**Extracted information:**

════════

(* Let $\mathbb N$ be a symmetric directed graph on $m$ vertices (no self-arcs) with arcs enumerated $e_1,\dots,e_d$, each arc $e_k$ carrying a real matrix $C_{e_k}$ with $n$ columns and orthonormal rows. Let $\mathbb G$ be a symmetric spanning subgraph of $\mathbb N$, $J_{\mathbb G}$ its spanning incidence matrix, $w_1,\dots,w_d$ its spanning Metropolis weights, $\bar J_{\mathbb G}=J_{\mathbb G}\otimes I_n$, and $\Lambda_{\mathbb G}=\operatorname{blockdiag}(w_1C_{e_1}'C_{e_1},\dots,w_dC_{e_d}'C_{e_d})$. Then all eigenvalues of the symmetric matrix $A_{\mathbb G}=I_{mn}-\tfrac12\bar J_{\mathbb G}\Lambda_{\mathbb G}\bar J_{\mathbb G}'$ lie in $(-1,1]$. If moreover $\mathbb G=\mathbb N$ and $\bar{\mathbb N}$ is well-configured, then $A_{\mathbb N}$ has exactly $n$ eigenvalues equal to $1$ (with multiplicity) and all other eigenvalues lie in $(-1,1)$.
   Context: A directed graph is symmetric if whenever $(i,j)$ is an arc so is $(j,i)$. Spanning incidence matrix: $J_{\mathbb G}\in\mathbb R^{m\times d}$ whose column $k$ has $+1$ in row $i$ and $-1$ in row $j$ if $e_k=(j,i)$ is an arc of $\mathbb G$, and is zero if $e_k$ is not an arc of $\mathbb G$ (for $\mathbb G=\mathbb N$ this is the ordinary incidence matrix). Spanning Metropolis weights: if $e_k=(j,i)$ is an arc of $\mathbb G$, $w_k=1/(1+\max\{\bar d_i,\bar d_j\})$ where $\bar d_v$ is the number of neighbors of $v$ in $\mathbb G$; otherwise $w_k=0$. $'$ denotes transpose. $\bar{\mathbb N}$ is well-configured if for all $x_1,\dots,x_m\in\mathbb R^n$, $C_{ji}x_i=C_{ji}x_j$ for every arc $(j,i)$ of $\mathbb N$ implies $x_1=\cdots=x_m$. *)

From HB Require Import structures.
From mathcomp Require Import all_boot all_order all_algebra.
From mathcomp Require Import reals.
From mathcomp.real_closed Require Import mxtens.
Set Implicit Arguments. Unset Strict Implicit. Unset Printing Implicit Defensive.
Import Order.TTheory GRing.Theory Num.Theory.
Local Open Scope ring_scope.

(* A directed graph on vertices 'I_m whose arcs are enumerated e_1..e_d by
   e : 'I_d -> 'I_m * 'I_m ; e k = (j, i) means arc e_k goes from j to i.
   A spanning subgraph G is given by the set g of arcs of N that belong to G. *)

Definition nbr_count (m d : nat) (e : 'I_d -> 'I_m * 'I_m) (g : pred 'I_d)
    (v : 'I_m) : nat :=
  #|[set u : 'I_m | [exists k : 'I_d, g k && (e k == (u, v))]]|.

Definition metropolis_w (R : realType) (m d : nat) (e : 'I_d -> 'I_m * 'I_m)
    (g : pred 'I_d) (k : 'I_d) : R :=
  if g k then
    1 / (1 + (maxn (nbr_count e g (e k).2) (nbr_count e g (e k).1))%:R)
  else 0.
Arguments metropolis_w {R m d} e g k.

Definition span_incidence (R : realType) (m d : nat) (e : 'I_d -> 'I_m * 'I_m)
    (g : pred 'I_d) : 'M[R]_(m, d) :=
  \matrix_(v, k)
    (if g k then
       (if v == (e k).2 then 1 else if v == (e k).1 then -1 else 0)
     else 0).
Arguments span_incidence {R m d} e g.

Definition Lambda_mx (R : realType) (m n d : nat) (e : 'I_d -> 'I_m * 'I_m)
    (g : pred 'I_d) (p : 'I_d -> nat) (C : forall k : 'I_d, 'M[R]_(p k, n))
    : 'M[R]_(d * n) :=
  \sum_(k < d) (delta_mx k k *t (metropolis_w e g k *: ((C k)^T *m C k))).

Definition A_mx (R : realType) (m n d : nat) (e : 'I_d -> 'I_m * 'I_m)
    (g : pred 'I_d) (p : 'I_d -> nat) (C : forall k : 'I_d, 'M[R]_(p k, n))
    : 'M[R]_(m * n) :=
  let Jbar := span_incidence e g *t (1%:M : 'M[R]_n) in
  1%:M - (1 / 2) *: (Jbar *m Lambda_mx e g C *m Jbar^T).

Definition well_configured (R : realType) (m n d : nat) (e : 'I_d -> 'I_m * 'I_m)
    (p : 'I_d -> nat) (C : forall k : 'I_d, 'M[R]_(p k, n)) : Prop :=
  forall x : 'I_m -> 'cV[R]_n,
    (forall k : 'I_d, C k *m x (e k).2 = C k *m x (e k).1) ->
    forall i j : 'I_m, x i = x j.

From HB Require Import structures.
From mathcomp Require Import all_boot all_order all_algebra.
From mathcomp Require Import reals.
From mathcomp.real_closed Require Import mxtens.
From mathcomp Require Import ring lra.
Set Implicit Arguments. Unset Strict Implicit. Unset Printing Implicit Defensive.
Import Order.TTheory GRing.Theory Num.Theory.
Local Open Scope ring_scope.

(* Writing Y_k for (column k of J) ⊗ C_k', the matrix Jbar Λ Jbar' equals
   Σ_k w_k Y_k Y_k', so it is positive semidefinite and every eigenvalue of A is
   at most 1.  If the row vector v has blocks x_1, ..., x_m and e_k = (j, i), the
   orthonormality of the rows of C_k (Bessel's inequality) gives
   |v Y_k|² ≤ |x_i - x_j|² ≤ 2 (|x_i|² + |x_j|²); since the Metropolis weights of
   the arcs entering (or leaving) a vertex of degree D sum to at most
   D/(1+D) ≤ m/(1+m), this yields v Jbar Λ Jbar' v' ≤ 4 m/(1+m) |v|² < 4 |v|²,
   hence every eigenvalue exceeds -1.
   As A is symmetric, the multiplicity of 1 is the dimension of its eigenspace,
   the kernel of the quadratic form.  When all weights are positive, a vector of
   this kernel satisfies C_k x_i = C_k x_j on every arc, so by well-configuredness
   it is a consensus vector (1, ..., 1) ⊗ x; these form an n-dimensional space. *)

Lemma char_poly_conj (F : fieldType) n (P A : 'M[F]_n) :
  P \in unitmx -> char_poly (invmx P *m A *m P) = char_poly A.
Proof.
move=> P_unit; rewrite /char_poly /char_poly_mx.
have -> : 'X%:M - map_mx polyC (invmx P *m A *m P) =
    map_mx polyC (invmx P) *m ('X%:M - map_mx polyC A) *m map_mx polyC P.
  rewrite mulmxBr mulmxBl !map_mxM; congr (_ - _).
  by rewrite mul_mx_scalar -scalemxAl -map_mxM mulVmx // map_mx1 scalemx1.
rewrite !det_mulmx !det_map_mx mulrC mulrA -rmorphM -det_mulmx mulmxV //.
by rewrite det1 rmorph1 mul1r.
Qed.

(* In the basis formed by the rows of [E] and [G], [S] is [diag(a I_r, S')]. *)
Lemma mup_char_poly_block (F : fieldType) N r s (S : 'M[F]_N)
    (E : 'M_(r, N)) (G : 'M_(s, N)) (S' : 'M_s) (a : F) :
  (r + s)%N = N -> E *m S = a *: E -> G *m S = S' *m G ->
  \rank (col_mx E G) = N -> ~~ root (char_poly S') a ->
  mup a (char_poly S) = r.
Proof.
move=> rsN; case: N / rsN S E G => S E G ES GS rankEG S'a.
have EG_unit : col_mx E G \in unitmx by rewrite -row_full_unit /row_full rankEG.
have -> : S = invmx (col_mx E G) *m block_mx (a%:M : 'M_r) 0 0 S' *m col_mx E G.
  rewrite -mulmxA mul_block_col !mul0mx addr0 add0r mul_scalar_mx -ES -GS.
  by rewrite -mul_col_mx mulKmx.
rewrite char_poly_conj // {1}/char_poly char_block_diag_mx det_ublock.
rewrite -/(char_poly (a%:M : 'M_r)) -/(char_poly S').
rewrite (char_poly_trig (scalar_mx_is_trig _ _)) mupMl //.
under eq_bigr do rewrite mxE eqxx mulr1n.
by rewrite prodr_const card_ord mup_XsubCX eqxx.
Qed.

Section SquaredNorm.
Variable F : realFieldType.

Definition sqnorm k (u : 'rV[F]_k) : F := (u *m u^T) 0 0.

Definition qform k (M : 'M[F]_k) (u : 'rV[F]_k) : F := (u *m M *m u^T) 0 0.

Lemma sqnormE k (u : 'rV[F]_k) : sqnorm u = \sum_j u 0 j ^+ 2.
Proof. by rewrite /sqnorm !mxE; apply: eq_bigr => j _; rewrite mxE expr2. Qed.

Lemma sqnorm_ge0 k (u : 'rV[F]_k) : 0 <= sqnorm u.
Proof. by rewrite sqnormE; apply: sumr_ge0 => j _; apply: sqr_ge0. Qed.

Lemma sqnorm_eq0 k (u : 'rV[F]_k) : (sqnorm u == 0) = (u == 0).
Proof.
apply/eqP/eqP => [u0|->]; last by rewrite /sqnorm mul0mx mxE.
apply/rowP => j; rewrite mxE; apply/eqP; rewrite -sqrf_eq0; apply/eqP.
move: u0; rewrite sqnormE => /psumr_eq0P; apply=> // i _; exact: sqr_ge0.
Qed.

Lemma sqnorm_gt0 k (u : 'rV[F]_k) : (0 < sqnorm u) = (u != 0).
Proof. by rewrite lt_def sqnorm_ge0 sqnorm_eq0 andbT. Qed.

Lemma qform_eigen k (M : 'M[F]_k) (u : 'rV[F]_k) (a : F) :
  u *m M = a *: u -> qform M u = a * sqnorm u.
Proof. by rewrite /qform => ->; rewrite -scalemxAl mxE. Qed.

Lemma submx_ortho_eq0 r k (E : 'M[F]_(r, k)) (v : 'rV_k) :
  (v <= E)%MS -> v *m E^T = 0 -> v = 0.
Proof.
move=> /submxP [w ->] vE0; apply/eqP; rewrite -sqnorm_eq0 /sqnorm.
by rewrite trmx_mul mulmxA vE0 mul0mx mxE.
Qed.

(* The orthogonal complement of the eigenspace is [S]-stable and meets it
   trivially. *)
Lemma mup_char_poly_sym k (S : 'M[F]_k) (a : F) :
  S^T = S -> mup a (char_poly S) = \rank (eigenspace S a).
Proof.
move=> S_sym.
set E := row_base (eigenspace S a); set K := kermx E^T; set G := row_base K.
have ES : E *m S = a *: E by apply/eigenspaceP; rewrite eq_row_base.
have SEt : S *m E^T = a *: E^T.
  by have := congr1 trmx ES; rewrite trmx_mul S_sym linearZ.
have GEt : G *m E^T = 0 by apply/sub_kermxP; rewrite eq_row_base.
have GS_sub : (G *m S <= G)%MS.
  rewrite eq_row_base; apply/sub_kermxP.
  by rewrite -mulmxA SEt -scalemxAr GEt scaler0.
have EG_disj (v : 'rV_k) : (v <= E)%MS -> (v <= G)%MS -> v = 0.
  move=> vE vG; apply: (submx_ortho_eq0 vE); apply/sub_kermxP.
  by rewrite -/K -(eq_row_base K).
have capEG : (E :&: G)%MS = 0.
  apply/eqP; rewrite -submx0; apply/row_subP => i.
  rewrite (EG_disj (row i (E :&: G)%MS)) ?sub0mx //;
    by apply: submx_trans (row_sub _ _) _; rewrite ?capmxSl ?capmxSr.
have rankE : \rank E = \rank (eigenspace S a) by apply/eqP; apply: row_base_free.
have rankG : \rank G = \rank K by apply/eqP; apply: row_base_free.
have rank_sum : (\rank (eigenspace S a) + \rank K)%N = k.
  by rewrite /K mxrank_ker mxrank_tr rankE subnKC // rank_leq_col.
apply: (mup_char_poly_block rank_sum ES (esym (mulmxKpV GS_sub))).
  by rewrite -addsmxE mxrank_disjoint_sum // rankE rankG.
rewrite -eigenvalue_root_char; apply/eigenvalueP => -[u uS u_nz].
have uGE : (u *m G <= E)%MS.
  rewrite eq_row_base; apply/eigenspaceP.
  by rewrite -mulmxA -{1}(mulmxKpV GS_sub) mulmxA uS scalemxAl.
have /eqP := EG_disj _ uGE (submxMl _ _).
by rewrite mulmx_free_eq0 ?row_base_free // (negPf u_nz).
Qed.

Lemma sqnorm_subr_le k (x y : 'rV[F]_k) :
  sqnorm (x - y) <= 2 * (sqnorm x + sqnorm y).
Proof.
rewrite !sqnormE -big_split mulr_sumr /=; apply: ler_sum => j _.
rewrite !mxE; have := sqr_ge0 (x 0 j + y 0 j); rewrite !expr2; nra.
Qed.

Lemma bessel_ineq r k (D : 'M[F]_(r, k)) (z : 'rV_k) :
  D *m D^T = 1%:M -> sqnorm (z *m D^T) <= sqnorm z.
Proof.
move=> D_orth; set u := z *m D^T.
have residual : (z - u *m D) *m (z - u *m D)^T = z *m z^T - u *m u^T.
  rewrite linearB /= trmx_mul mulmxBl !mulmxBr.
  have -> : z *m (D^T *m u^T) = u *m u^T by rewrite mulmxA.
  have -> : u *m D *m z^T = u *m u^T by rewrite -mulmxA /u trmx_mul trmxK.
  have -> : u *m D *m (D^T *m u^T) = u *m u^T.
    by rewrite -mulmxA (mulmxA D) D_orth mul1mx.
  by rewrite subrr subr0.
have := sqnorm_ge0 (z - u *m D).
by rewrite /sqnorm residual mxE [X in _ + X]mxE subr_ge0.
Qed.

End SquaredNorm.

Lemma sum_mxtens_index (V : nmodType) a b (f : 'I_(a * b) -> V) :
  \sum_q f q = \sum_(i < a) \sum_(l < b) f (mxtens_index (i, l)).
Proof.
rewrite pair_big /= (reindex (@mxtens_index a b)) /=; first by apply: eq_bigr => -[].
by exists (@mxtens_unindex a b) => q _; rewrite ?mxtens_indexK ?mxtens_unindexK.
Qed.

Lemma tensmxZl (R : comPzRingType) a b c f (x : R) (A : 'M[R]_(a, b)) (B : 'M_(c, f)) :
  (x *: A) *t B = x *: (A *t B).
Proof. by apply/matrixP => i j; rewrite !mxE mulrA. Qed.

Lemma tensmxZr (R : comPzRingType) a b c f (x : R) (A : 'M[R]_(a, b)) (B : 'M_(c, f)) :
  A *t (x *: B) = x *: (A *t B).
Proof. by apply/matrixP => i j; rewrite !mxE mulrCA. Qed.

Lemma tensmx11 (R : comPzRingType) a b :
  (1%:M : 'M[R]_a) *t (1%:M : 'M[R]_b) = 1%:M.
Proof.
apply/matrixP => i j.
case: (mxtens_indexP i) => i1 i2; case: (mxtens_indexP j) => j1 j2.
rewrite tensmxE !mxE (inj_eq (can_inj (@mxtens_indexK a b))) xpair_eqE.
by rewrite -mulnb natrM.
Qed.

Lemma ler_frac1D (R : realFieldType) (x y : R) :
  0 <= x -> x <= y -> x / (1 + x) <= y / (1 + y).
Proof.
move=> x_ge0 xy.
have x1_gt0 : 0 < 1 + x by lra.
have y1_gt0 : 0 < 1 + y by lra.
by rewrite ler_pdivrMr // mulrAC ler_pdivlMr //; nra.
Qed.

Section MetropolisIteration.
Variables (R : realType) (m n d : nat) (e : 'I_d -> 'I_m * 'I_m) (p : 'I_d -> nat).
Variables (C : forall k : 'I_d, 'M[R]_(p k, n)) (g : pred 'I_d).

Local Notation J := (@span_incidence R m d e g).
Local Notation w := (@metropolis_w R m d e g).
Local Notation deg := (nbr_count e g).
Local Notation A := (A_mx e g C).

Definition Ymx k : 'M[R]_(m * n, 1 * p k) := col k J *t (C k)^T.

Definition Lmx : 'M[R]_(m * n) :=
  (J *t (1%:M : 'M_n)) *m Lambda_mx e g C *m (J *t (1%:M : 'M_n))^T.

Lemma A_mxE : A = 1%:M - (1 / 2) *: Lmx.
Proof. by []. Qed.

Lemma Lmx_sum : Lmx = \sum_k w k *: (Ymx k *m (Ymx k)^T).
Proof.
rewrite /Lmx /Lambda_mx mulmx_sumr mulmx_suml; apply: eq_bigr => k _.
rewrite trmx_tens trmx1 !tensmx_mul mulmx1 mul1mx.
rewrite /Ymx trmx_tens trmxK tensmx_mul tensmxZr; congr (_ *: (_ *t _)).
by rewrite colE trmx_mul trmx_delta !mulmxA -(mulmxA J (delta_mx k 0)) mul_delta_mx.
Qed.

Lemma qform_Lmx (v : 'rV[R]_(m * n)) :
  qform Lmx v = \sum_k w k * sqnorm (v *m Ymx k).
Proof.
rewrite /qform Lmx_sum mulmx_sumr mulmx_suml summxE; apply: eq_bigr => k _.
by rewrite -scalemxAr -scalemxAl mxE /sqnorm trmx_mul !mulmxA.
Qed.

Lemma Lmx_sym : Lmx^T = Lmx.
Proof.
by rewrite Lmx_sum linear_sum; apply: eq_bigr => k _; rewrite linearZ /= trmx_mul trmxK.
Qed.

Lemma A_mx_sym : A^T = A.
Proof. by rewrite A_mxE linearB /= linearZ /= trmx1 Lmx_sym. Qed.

════════

**Task brief:** Only the lines above from the one with "Proof. by apply/matrixP => i j; rewrite !mxE mulrA." through the one with "Lemma A_mx_sym : A^T = A." should be duplicated, character for character.

**Problem solution:**
Proof. by apply/matrixP => i j; rewrite !mxE mulrA. Qed.

Lemma tensmxZr (R : comPzRingType) a b c f (x : R) (A : 'M[R]_(a, b)) (B : 'M_(c, f)) :
  A *t (x *: B) = x *: (A *t B).
Proof. by apply/matrixP => i j; rewrite !mxE mulrCA. Qed.

Lemma tensmx11 (R : comPzRingType) a b :
  (1%:M : 'M[R]_a) *t (1%:M : 'M[R]_b) = 1%:M.
Proof.
apply/matrixP => i j.
case: (mxtens_indexP i) => i1 i2; case: (mxtens_indexP j) => j1 j2.
rewrite tensmxE !mxE (inj_eq (can_inj (@mxtens_indexK a b))) xpair_eqE.
by rewrite -mulnb natrM.
Qed.

Lemma ler_frac1D (R : realFieldType) (x y : R) :
  0 <= x -> x <= y -> x / (1 + x) <= y / (1 + y).
Proof.
move=> x_ge0 xy.
have x1_gt0 : 0 < 1 + x by lra.
have y1_gt0 : 0 < 1 + y by lra.
by rewrite ler_pdivrMr // mulrAC ler_pdivlMr //; nra.
Qed.

Section MetropolisIteration.
Variables (R : realType) (m n d : nat) (e : 'I_d -> 'I_m * 'I_m) (p : 'I_d -> nat).
Variables (C : forall k : 'I_d, 'M[R]_(p k, n)) (g : pred 'I_d).

Local Notation J := (@span_incidence R m d e g).
Local Notation w := (@metropolis_w R m d e g).
Local Notation deg := (nbr_count e g).
Local Notation A := (A_mx e g C).

Definition Ymx k : 'M[R]_(m * n, 1 * p k) := col k J *t (C k)^T.

Definition Lmx : 'M[R]_(m * n) :=
  (J *t (1%:M : 'M_n)) *m Lambda_mx e g C *m (J *t (1%:M : 'M_n))^T.

Lemma A_mxE : A = 1%:M - (1 / 2) *: Lmx.
Proof. by []. Qed.

Lemma Lmx_sum : Lmx = \sum_k w k *: (Ymx k *m (Ymx k)^T).
Proof.
rewrite /Lmx /Lambda_mx mulmx_sumr mulmx_suml; apply: eq_bigr => k _.
rewrite trmx_tens trmx1 !tensmx_mul mulmx1 mul1mx.
rewrite /Ymx trmx_tens trmxK tensmx_mul tensmxZr; congr (_ *: (_ *t _)).
by rewrite colE trmx_mul trmx_delta !mulmxA -(mulmxA J (delta_mx k 0)) mul_delta_mx.
Qed.

Lemma qform_Lmx (v : 'rV[R]_(m * n)) :
  qform Lmx v = \sum_k w k * sqnorm (v *m Ymx k).
Proof.
rewrite /qform Lmx_sum mulmx_sumr mulmx_suml summxE; apply: eq_bigr => k _.
by rewrite -scalemxAr -scalemxAl mxE /sqnorm trmx_mul !mulmxA.
Qed.

Lemma Lmx_sym : Lmx^T = Lmx.
Proof.
by rewrite Lmx_sum linear_sum; apply: eq_bigr => k _; rewrite linearZ /= trmx_mul trmxK.
Qed.

Lemma A_mx_sym : A^T = A.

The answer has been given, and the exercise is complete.